Monday, July 22, 2013

...piqué interest

The foothills are something even pictures cannot grasp, and my words certainly hold little power to contain them. Shrouded in mist they play hide and seek, with great, strong bodies that house intricate arteries of rivers and ribboning, dancing falls. They are a deep, untouched green, and they metamorphose into heavenly beasts; covered in eyes they always look at me. As I humbly place each one of my strides on their bones, I find gratitude in the muscle of Earth below me, and below the mountain, and below that. And how they launch me into the Heavens.

There is power here; the river rages and surges with it, the mountain quietly keeps it, the air pulls, passes and pours it. I am so small, and as I cross a wooden bridge or come face to face with a leaping cliff, I am reminded of it with clarity. 

And step-by-step we climb, passing the humble homes of mountain dwellers who hike briskly in flip-flops and rubber boots. Cows and water buffalo moo in the uncomfortable rain, chickens peck pathetically, pausing to shake the water from their feathers and ruffle and re-ruffle themselves. A dog joins us, walking ahead and waiting, watching, perhaps protecting and caring for these bipedal strangers. Four children send warning shrieks from under their umbrellas to ward off the monkeys from their family's maturing corn. Three older, wrinkled, calloused, tanned men and women crush rocks with a small hammer. A bare-breasted woman with suckling child sit on their porch we so invasively pass, and many men and women of all ages carry baskets of greens on their backs, supported by a cloth strap that rests on their crown like a bandanna. To each of these we greet with our hands held together in prayer, Namaste, and they return it. From under their plastic coverings some of the friendlier ones say 'Pani! Pani!' with a smile on their face. Pani means water and they chuckle at our sopping state. I agree with them through tone. Yes, Pani. Tons of it. 

It is monsoon season in Nepal; I have never been so soaked for so long. Some of the best gear is defeated by this onslaught. Wet to the core, we continue to climb to keep warm, and we make good time for it. The real enemy are those slimy suckers that come with the rain. Perched on leaves, trees, rocks leeches attach themselves to passing flesh. When we finally take off our shoes we have endlessly leaking wounds to attend to. A cheesecloth-covered ball of salt is our weapon in removing them as we climb, but some make it through all our defenses. When I finally remove one and kill it, I watch it bleed my own blood. How audacious. 

But we finally make it to Hotel Milan high up in Ghandruk. If the clouds clear we will see the glorious snows of the Annapurna Himalayan Mountain Range. Those are the real beauties. In another season we could climb to the top, but monsoon season makes for snow-storms that are not to be reckoned with too audaciously--we wouldn't want the mountains to make us bleed our own blood, so we tread humbly. For now, we hope just for a peek. 
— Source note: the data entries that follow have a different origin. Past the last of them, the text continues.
Definition KL (R : realType) (T : finType) (p q : T -> R) : \bar R :=
  \sum_(x : T) kl_term (p x) (q x).

Definition cond_rel_ent (R : realType) (X A : finType) (gamma : R) (nu0 : X -> R)
    (P : X -> A -> X -> R) (pi pi' : X -> A -> R) : \bar R :=
  \sum_(x : X) (state_occ gamma nu0 P pi x)%:E * KL (pi x) (pi' x).

From HB Require Import structures.
From mathcomp Require Import all_boot all_order all_algebra.
From mathcomp Require Import all_classical all_reals all_analysis.
From mathcomp Require Import ring lra.
Import Order.TTheory GRing.Theory Num.Theory.
Import numFieldNormedType.Exports.
Local Open Scope ring_scope.

Set Implicit Arguments. Unset Strict Implicit. Unset Printing Implicit Defensive.

(* Write nu, nu' for the state occupancies and mu, mu' for the state-action
   occupancies of pi, pi'.  The chain rule gives
   KL(mu||mu') = KL(nu||nu') + H(pi||pi').  Each occupancy satisfies the flow
   equation nu(y) = (1 - gamma) nu0(y) + gamma sum_(x,a) P(y|x,a) mu(x,a), so
   the log-sum inequality yields KL(nu||nu') <= gamma KL(mu||mu'), whence
   (1 - gamma) KL(mu||mu') <= H(pi||pi').  If pi(.|x) is not absolutely
   continuous w.r.t. pi'(.|x) at some x with nu(x) > 0, the right-hand side is
   +oo.  Otherwise every state reachable under pi is reachable under pi', so
   nu << nu' and all the divergences involved are finite sums. *)

Lemma psumr_neq0E (R : numDomainType) (I : finType) (F : I -> R) :
  (forall i, 0 <= F i) -> (\sum_i F i != 0) = [exists i, F i != 0].
Proof.
move=> F0; rewrite psumr_neq0 //; apply/hasP/existsP => [[i _ /=]|[i Fi]].
  by rewrite lt_def => /andP[Fi _]; exists i.
by exists i; rewrite ?mem_index_enum // lt_def Fi F0.
Qed.

Section RelativeEntropyTerm.
Variable R : realType.
Implicit Types (p q c : R).

(* Meaningful only under [abs_cont p q]: for [p > 0 = q] it is the junk value
   [p * ln 0]. *)
Definition relent p q : R := if p == 0 then 0 else p * ln (p / q).

Definition abs_cont p q : Prop := [/\ 0 <= p, 0 <= q & q = 0 -> p = 0].

Lemma relent0p q : relent 0 q = 0.
Proof. by rewrite /relent eqxx. Qed.

Lemma relentpp p : relent p p = 0.
Proof. by rewrite /relent; case: eqVneq => // p0; rewrite divff // ln1 mulr0. Qed.

Lemma relentZ c p q : 0 <= c -> relent (c * p) (c * q) = c * relent p q.
Proof.
move=> c0; rewrite /relent; have [->|cn0] := eqVneq c 0; first by rewrite !mul0r eqxx.
rewrite mulf_eq0 (negbTE cn0) /=; case: eqP => _; first by rewrite mulr0.
by rewrite invfM mulrACA divff // mul1r mulrA.
Qed.

Lemma abs_cont_gt0 p q : abs_cont p q -> p != 0 -> 0 < q.
Proof. by case=> _ q0 qp pn0; rewrite lt_def q0 andbT; apply: contra_neq pn0. Qed.

Lemma relentM p1 q1 p2 q2 : abs_cont p1 q1 -> abs_cont p2 q2 ->
  relent (p1 * p2) (q1 * q2) = p2 * relent p1 q1 + p1 * relent p2 q2.
Proof.
move=> ac1 ac2.
have [->|p1n0] := eqVneq p1 0; first by rewrite !(mul0r, relent0p, mulr0, addr0).
have [->|p2n0] := eqVneq p2 0; first by rewrite !(mulr0, relent0p, mul0r, addr0).
have p1g0 : 0 < p1 by case: ac1 => p0 _ _; rewrite lt_def p1n0.
have p2g0 : 0 < p2 by case: ac2 => p0 _ _; rewrite lt_def p2n0.
have [q1g0 q2g0] := (abs_cont_gt0 ac1 p1n0, abs_cont_gt0 ac2 p2n0).
rewrite /relent mulf_eq0 (negbTE p1n0) (negbTE p2n0) /= -mulf_div.
by rewrite (@lnM _ (p1 / q1)) ?posrE ?divr_gt0 //; ring.
Qed.

Lemma abs_cont00 : abs_cont 0 0.
Proof. by split. Qed.

Lemma abs_contpp p : 0 <= p -> abs_cont p p.
Proof. by split. Qed.

Lemma abs_contD p1 q1 p2 q2 : abs_cont p1 q1 -> abs_cont p2 q2 ->
  abs_cont (p1 + p2) (q1 + q2).
Proof.
case=> p10 q10 qp1 [p20 q20 qp2]; split; rewrite ?addr_ge0 // => /eqP.
by rewrite paddr_eq0 // => /andP[/eqP/qp1 -> /eqP/qp2 ->]; rewrite addr0.
Qed.

Lemma abs_contZ c p q : 0 <= c -> abs_cont p q -> abs_cont (c * p) (c * q).
Proof.
move=> c0 [p0 q0 qp]; split; rewrite ?mulr_ge0 // => /eqP.
by rewrite mulf_eq0 => /orP[/eqP ->|/eqP/qp ->]; rewrite ?mul0r ?mulr0.
Qed.

Lemma abs_cont_sum (I : Type) (r : seq I) (p q : I -> R) :
  (forall i, abs_cont (p i) (q i)) ->
  abs_cont (\sum_(i <- r) p i) (\sum_(i <- r) q i).
Proof.
move=> ac; apply: big_ind2 => [|? ? ? ?|i _].
- exact: abs_cont00.
- exact: abs_contD.
- exact: ac.
Qed.

(* [ln z <= z - 1] at [z = q c / p]. *)
Lemma relent_ge_tangent c p q : 0 < c -> abs_cont p q ->
  p * ln c + p - q * c <= relent p q.
Proof.
move=> c0 ac; have [->|pn0] := eqVneq p 0.
  by case: ac => _ q0 _; rewrite relent0p mul0r !add0r oppr_le0 mulr_ge0 // ltW.
have p0 : 0 < p by case: ac; rewrite lt_def pn0.
have q0 := abs_cont_gt0 ac pn0.
have z0 : 0 < q * c / p by rewrite divr_gt0 // mulr_gt0.
have lnz : ln (q * c / p) <= q * c / p - 1.
  by have := @le_ln1Dx R (q * c / p - 1); rewrite addrCA subrr addr0; apply; lra.
rewrite ln_div ?lnM ?posrE ?mulr_gt0 // in lnz.
have pz : p * (q * c / p) = q * c by rewrite mulrC divfK.
have := ler_wpM2l (ltW p0) lnz; rewrite [X in _ <= X]mulrBr mulr1 pz.
by rewrite /relent (negbTE pn0) ln_div //; nra.
Qed.

Lemma le_relentD p1 q1 p2 q2 : abs_cont p1 q1 -> abs_cont p2 q2 ->
  relent (p1 + p2) (q1 + q2) <= relent p1 q1 + relent p2 q2.
Proof.
move=> ac1 ac2; have ac := abs_contD ac1 ac2.
have [p0|pn0] := eqVneq (p1 + p2) 0.
  have [-> ->] : p1 = 0 /\ p2 = 0.
    case: ac1 ac2 => [p10 _ _] [p20 _ _].
    by move/eqP: p0; rewrite paddr_eq0 // => /andP[/eqP ? /eqP ?].
  by rewrite add0r !relent0p addr0.
have q0 := abs_cont_gt0 ac pn0.
set c := (p1 + p2) / (q1 + q2).
have c0 : 0 < c by case: ac => [? _ _]; rewrite divr_gt0 // lt_def pn0.
have qc : (q1 + q2) * c = p1 + p2 by rewrite mulrC divfK ?gt_eqF.
have -> : relent (p1 + p2) (q1 + q2) = (p1 + p2) * ln c by rewrite /relent (negbTE pn0).
have := lerD (relent_ge_tangent c0 ac1) (relent_ge_tangent c0 ac2).
nra.
Qed.

Lemma le_relent_sum (I : Type) (r : seq I) (p q : I -> R) :
  (forall i, abs_cont (p i) (q i)) ->
  relent (\sum_(i <- r) p i) (\sum_(i <- r) q i) <= \sum_(i <- r) relent (p i) (q i).
Proof.
move=> ac; elim: r => [|i r IH]; first by rewrite !big_nil relent0p.
rewrite !big_cons; apply: le_trans (le_relentD (ac i) (abs_cont_sum r ac)) _.
exact: lerD.
Qed.

End RelativeEntropyTerm.

Section Occupancy.
Variables (R : realType) (X A : finType) (P : X -> A -> X -> R) (gamma : R)
  (nu0 : X -> R) (pi : X -> A -> R).
Hypotheses (P_dist : forall x a, is_dist (P x a)) (gamma01 : 0 < gamma < 1)
  (nu0_dist : is_dist nu0) (pi_dist : forall x, is_dist (pi x)).

Local Notation law := (state_law nu0 P pi).
Local Notation nu := (state_occ gamma nu0 P pi).

Let gamma_gt0 : 0 < gamma. Proof. by case/andP: gamma01. Qed.
Let subr1_gamma_gt0 : 0 < 1 - gamma. Proof. by case/andP: gamma01; rewrite subr_gt0. Qed.

Definition policy_kernel x y : R := \sum_a pi x a * P x a y.

Lemma policy_step_ge0 x a y : 0 <= pi x a * P x a y.
Proof. by apply: mulr_ge0; [case: (pi_dist x)|case: (P_dist x a)]. Qed.

Lemma policy_kernel_ge0 x y : 0 <= policy_kernel x y.
Proof. by apply: sumr_ge0 => a _; exact: policy_step_ge0. Qed.

Lemma policy_kernel_sum1 x : \sum_y policy_kernel x y = 1.
Proof.
rewrite /policy_kernel exchange_big /= -(pi_dist x).2; apply: eq_bigr => a _.
by rewrite -mulr_sumr (P_dist x a).2 mulr1.
Qed.

Lemma state_lawS t y : law t.+1 y = \sum_x law t x * policy_kernel x y.
Proof. by []. Qed.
As we dry and tend to wounds and eat a large lunch the mist and clouds pass and dissipate and we become more and more excited, anticipating what lies behind them. Across the valley a lonely structure manifests and I wonder what it could be, with nothing around it, the closest village half a cliff away, who lives there? What do they eat? How do they even get there? The mysteries of the Himalayas continue on...



And then, in the light of morning, when the clouds haven't yet had time to cover the hills, we finally see behind the veil, and oh!--what a change! Suddenly I'm even smaller. Those mountaintops I was so moved by, whose height I was so impressed with, and breadth in awe of--they become, well, hills. Monstrous, gorgeous, green and white--pure white--peaks have been towering above us all this whole time. So quickly my perspective changes. In just a small space between the creeping clouds I see the rising thrust of Fishtail and my hike, my view, my very self, have all shrunk. In the presence of giants we see ourselves as we ought.

But the sight is short lived. From over the hilltops comes the covering. It hugs the mountainside like a woolen blanket. Like a fleece is sits and contours to the shape of the rolling, jutting earth. Within minutes we can't even see the tops of the hills, our horizon is blurred out, and we are back to a world only meters wide and long. But I'm no bigger; I know now, and I cannot forget what greatness lies all around me: the peaks of the Annapurna.